Evangelicalism in Britain 1935–1995 A Personal Sketch

Written by Oliver Barclay Reviewed By T.A. Noble

Dr Oliver Barclay, Cambridge zoologist, General Secretary of IVF-UCCF from 1964 to 1980, and now, Evangelical elder statesman, has left us in his debt with this ‘personal sketch’ of Evangelicalism in Britain over the last sixty years. It is important to realize that the book does not claim to be a formal history like Whatever Happened to the Jesus Lane Lot?, his history of CICCU. It is therefore not a criticism of this book to say that it is impressionistic and does not give the kind of comprehensive and analytical treatment which a formal history would require.

The initial chapter asks, ‘Who is an Evangelical?’ To David Bebbington’s four characteristics (conversionism, activism, biblicism and crucicentrism) Oliver Barclay wisely adds Christ-centredness, quoting John Wesley: ‘I offered them Christ.’ He briefly distinguishes conservative or classical Evangelicalism (CE), embodied in IVF-UCCF, from liberal Evangelicalism (LE), embodied in SCM. The focus thereafter is on CE tradition which is traced through six stages in the six succeeding chapters: Pre-war Doldrums, the Crucible of War, New beginnings, (1945–55), Consolidation (1955–70), More Adventure, Less Unity (1970–80), and Adjusting to a Changing Society (1980–95).
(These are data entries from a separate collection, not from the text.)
Lemma fold_period_lt p N n : 0 < p -> fold_period p N n < N + p.
Proof.
move=> p_gt0; rewrite /fold_period; case: (ltnP n N) => [lt_nN | _]; first exact: ltn_addr.
by rewrite ltn_add2l ltn_pmod.
Qed.

Lemma fold_periodE (X : nat -> Prop) p N :
  (forall n, X n -> X (n + p)) -> (forall n, N <= n -> X (n + p) -> X n) ->
  forall n, X n <-> X (fold_period p N n).
Proof.
move=> addp_closed addp_open.
have shift m k : N <= m -> X (m + k * p) -> X m.
  move=> le_Nm; elim: k => [|k IH]; first by rewrite addn0.
  rewrite mulSnr addnA => Xmkp; apply: IH; apply: addp_open Xmkp.
  exact: leq_trans le_Nm (leq_addr _ _).
move=> n; rewrite /fold_period; case: (ltnP n N) => [// | le_Nn].
have defn : n = N + (n - N) %% p + (n - N) %/ p * p.
  by rewrite -addnA [_ %% p + _]addnC -divn_eq subnKC.
split=> [Xn | Xfold]; last by rewrite defn; apply: add_closed_mul.
by rewrite defn in Xn; apply: shift Xn; apply: leq_addr.
Qed.

(* A code [(p, N, l)] describes the set whose indicator is [l] below [N + p] and is
   [p]-periodic from [N] on. *)
Definition periodic_code := (nat * nat * seq bool)%type.

Definition decode (c : periodic_code) (n : nat) : bool :=
  nth false c.2 (fold_period c.1.1 c.1.2 n).

Lemma add_closed_decode (X : nat -> Prop) p : 0 < p -> (forall n, X n -> X (n + p)) ->
  exists c : periodic_code, forall n, X n <-> decode c n.
Proof.
move=> p_gt0 addp_closed.
have [N addp_open] := add_closed_eventually_periodic p_gt0 addp_closed.
exists (p, N, mkseq (fun i => `[< X i >]) (N + p)) => n.
rewrite /decode /= nth_mkseq ?fold_period_lt //.
by rewrite (fold_periodE addp_closed addp_open n); split=> /asboolP.
Qed.

Section DirectProduct.
Variables (S : finType) (op : S -> S -> S).

Lemma spow_NSmul a t k : spow (NSmul op) (a, t) k = (k.+1 * a, spow op t k).
Proof.
elim: k => [|k IH]; first by rewrite mul1n.
by rewrite spowS IH /NSmul /= mulSn.
Qed.

Lemma spow_NSmul_fst x k : (spow (NSmul op) x k).1 = k.+1 * x.1.
Proof. by case: x => a t; rewrite spow_NSmul. Qed.

Lemma fiber_add_closed (A : nat * S -> Prop) s k :
  is_subsemigroup op A -> spow op s k.+1 = s ->
  exists2 p, 0 < p & forall n, A (n, s) -> A (n + p, s).
Proof.
move=> [A_pos [_ A_mul]] fix_s.
have [[n0 An0] | noA] := pselect (exists n0, A (n0, s)); last first.
  by exists 1 => // n An; case: noA; exists n.
exists (k.+1 * n0); first by rewrite muln_gt0 (A_pos _ An0).
move=> n An; rewrite -[in (_, s)]fix_s.
have := A_mul _ _ An (spow_closed k A_mul An0).
by rewrite spow_NSmul.
Qed.

Hypothesis opA : associative op.

Lemma union_of_groups_countable :
  union_of_groups op -> countably_many_subsemigroups op.
Proof.
move=> /(union_of_groupsP opA) fix_spow.
exists (fun m x => if @unpickle {ffun S -> periodic_code} m is Some F then decode (F x.2) x.1
                 else false) => A subA.
have fiber_code s : exists c, forall n, A (n, s) <-> decode c n.
  have [k fix_s] := fix_spow s.
  have [p p_gt0 addp_closed] := fiber_add_closed subA fix_s.
  exact: add_closed_decode p_gt0 addp_closed.
have [F HF] := fin_all_exists fiber_code.
by exists (pickle [ffun s => F s]) => -[n s]; rewrite pickleK ffunE.
Qed.

End DirectProduct.

Section Isomorphisms.
Variables (S : finType) (op : S -> S -> S).

Definition subsemigroup_iso_by (A B : nat * S -> Prop) (phi psi : nat * S -> nat * S) :=
  (forall x, A x -> B (phi x)) /\ (forall y, B y -> A (psi y)) /\
  (forall x, A x -> psi (phi x) = x) /\ (forall y, B y -> phi (psi y) = y) /\
  (forall x y, A x -> A y -> phi (NSmul op x y) = NSmul op (phi x) (phi y)).

Lemma subsemigroup_iso_by_sym A B phi psi :
  (forall x y, A x -> A y -> A (NSmul op x y)) ->
  subsemigroup_iso_by A B phi psi -> subsemigroup_iso_by B A psi phi.
Proof.
move=> A_mul [AB [BA [psiK [phiK phiM]]]].
split=> //; split=> //; split=> //; split=> // x y Bx By.
have [Apsix Apsiy] := (BA x Bx, BA y By).
by rewrite -{1}(phiK x Bx) -{1}(phiK y By) -phiM ?psiK //; apply: A_mul.
Qed.

Lemma subsemigroup_iso_sym A B :
  (forall x y, A x -> A y -> A (NSmul op x y)) ->
  subsemigroup_iso op A B -> subsemigroup_iso op B A.
Proof.
by move=> A_mul [phi [psi iso]]; exists psi, phi; apply: subsemigroup_iso_by_sym.
Qed.

Lemma subsemigroup_iso_trans A B C :
  subsemigroup_iso op A B -> subsemigroup_iso op B C -> subsemigroup_iso op A C.
Proof.
move=> [phi [psi [AB [BA [psiK [phiK phiM]]]]]].
move=> [phi' [psi' [BC [CB [psiK' [phiK' phiM']]]]]].
exists (phi' \o phi), (psi \o psi'); split; [|split; [|split; [|split]]] => /=.
- by move=> x Ax; apply/BC/AB.
- by move=> z Cz; apply/BA/CB.
- by move=> x Ax; rewrite psiK' ?psiK //; apply: AB.
- by move=> z Cz; rewrite phiK ?phiK' //; apply: CB.
- by move=> x y Ax Ay; rewrite phiM // phiM' //; apply: AB.
Qed.

Lemma subsemigroup_iso_ext A B : is_subsemigroup op A -> (forall x, A x <-> B x) ->
  is_subsemigroup op B /\ subsemigroup_iso op A B.
Proof.
move=> [A_pos [[x Ax] A_mul]] AB; split; last first.
  by exists id, id; split; [|split; [|split]] => // ? /AB.
split; first by move=> y /AB /A_pos.
by split=> [|y z /AB Ay /AB Az]; [exists x; apply/AB | apply/AB/A_mul].
Qed.

End Isomorphisms.

Section Generated.
Variables (S : finType) (op : S -> S -> S) (s : S) (X : nat -> Prop).

Inductive generated : nat * S -> Prop :=
  | generated_gen n : X n -> generated (n, s)
  | generated_mul u v : generated u -> generated v -> generated (NSmul op u v).

Lemma generated_subsemigroup :
  (forall n, X n -> 0 < n) -> (exists n, X n) -> is_subsemigroup op generated.
Proof.
move=> X_pos [n Xn]; split.
  by move=> x; elim=> [m /X_pos // | u v _ u_pos _ v_pos]; rewrite addn_gt0 u_pos.
by split; [exists (n, s); apply: generated_gen | apply: generated_mul].
Qed.

Lemma generated_inv x : generated x ->
  x.2 = s \/ exists u v, [/\ generated u, generated v & x = NSmul op u v].
Proof. by case=> [n _ | u v gu gv]; [left | right; exists u, v]. Qed.

Hypothesis opA : associative op.

Lemma generated_snd x : generated x -> exists k, x.2 = spow op s k.
Proof.
elim=> [n _ | u v _ [a ua] _ [b vb]]; first by exists 0.
by exists (a + b).+1; rewrite /= ua vb spowD.
Qed.

Hypothesis s_aperiodic : forall k, spow op s k.+1 <> s.

Lemma generated_mul_snd u v : generated u -> generated v -> (NSmul op u v).2 <> s.
Proof.
by move=> /generated_snd [a ua] /generated_snd [b vb]; rewrite /= ua vb spowD.
Qed.

Lemma generated_fiber x : generated x -> x.2 = s -> X x.1.
Proof. by case=> [// | u v gu gv /(generated_mul_snd gu gv)]. Qed.

End Generated.

Arguments generated_gen [S op s X n].

Section AperiodicGenerator.
Variables (S : finType) (op : S -> S -> S) (s : S).
Hypotheses (opA : associative op) (s_aperiodic : forall k, spow op s k.+1 <> s).

Section Iso.
Variables (X Y : nat -> Prop) (phi psi : nat * S -> nat * S).
Hypothesis iso : subsemigroup_iso_by op (generated op s X) (generated op s Y) phi psi.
Dr Barclay identifies the weaknesses of pre-war Evangelicalism: defensiveness, legalism, anti-intellectualism. He traces the crucial influence of Martyn Lloyd-Jones and (behind the scenes) the first General Secretary of IVF, Douglas Johnson, in beginning to change this ghetto mentality. The new beginnings in the decade after the war are marked by the emergence of new voices (John Stott, William Still, Herbert Carson, Leith Samuel, Norman Anderson, Donald Mackay), the Billy Graham campaigns, and theological gains led by R.V.G. Tasker, F.F. Bruce, J.I. Packer, Donald Wiseman. The fifteen years from 1955–70 (confusingly headed 1995–1997 at the top of each page!) saw opposition ably answered by J.I. Packer, and the beginning of division between the free church Evangelicals led by Lloyd-Jones and Anglican Evangelicals with a new loyalty to the Church of England from the Keele Congress of 1967. A strong Reformed school, a new social concern, and the first appearance of a charismatic wing also marked this period. The latter two were to grow in influence in the decade of the 1970s, which also saw the emergence of hermeneutics as an issue in the theological scene. In the final fifteen year period, 1980–95, Dr Barclay identifies five major changes: an increasing number of Evangelicals, an alarming deficit of biblical knowledge among younger CEs, a growth in Pentecostal and charismatic churches, a lack of long-term commitment in the 1990s generation, and the infiltration of church life by postmodernism.

The value of this book is that it is a personal sketch by someone who was not only at the heart of the Evangelical movement of this period, but also whose sympathies are with Conservative Evangelicalism as a whole and not exclusively with any of its component traditions. From his viewpoint in IVF-UCCF, he was at the heart of the Evangelical renaissance, and yet that does not mean he saw everything! Despite the attempt to review the whole church scene and the inclusion of regular sections on Scotland, Wales and Ireland, the view point is from the universities and from the south of England. That leads to some omissions—the work of the Salvation Army, the significant evangelistic influence of J.W. Meiklejohn and the SU camps in Scotland, the preaching of Campbell Morgan and W.E. Sangster, and the influence of Spring Harvest to name a few. The work of the city missions and working class Evangelicalism in general are only mentioned. The evaluation of Evangelical theological education in the final fifteen year period is also rather generalised and impressionistic. Certainly, if the Evangelical colleges have simply adopted the rationalistic reductionism of much university teaching of theology, and have allowed theology to become divorced from ministry and spiritual life (‘Lectures are very rarely heart-warming’), that would be very worrying.

But we must not demand that a ‘personal sketch’ be an academic and analytical history. Dr Barclay has provided us with a valuable account which future historians of Evangelicalism will treasure and which every theological student should read.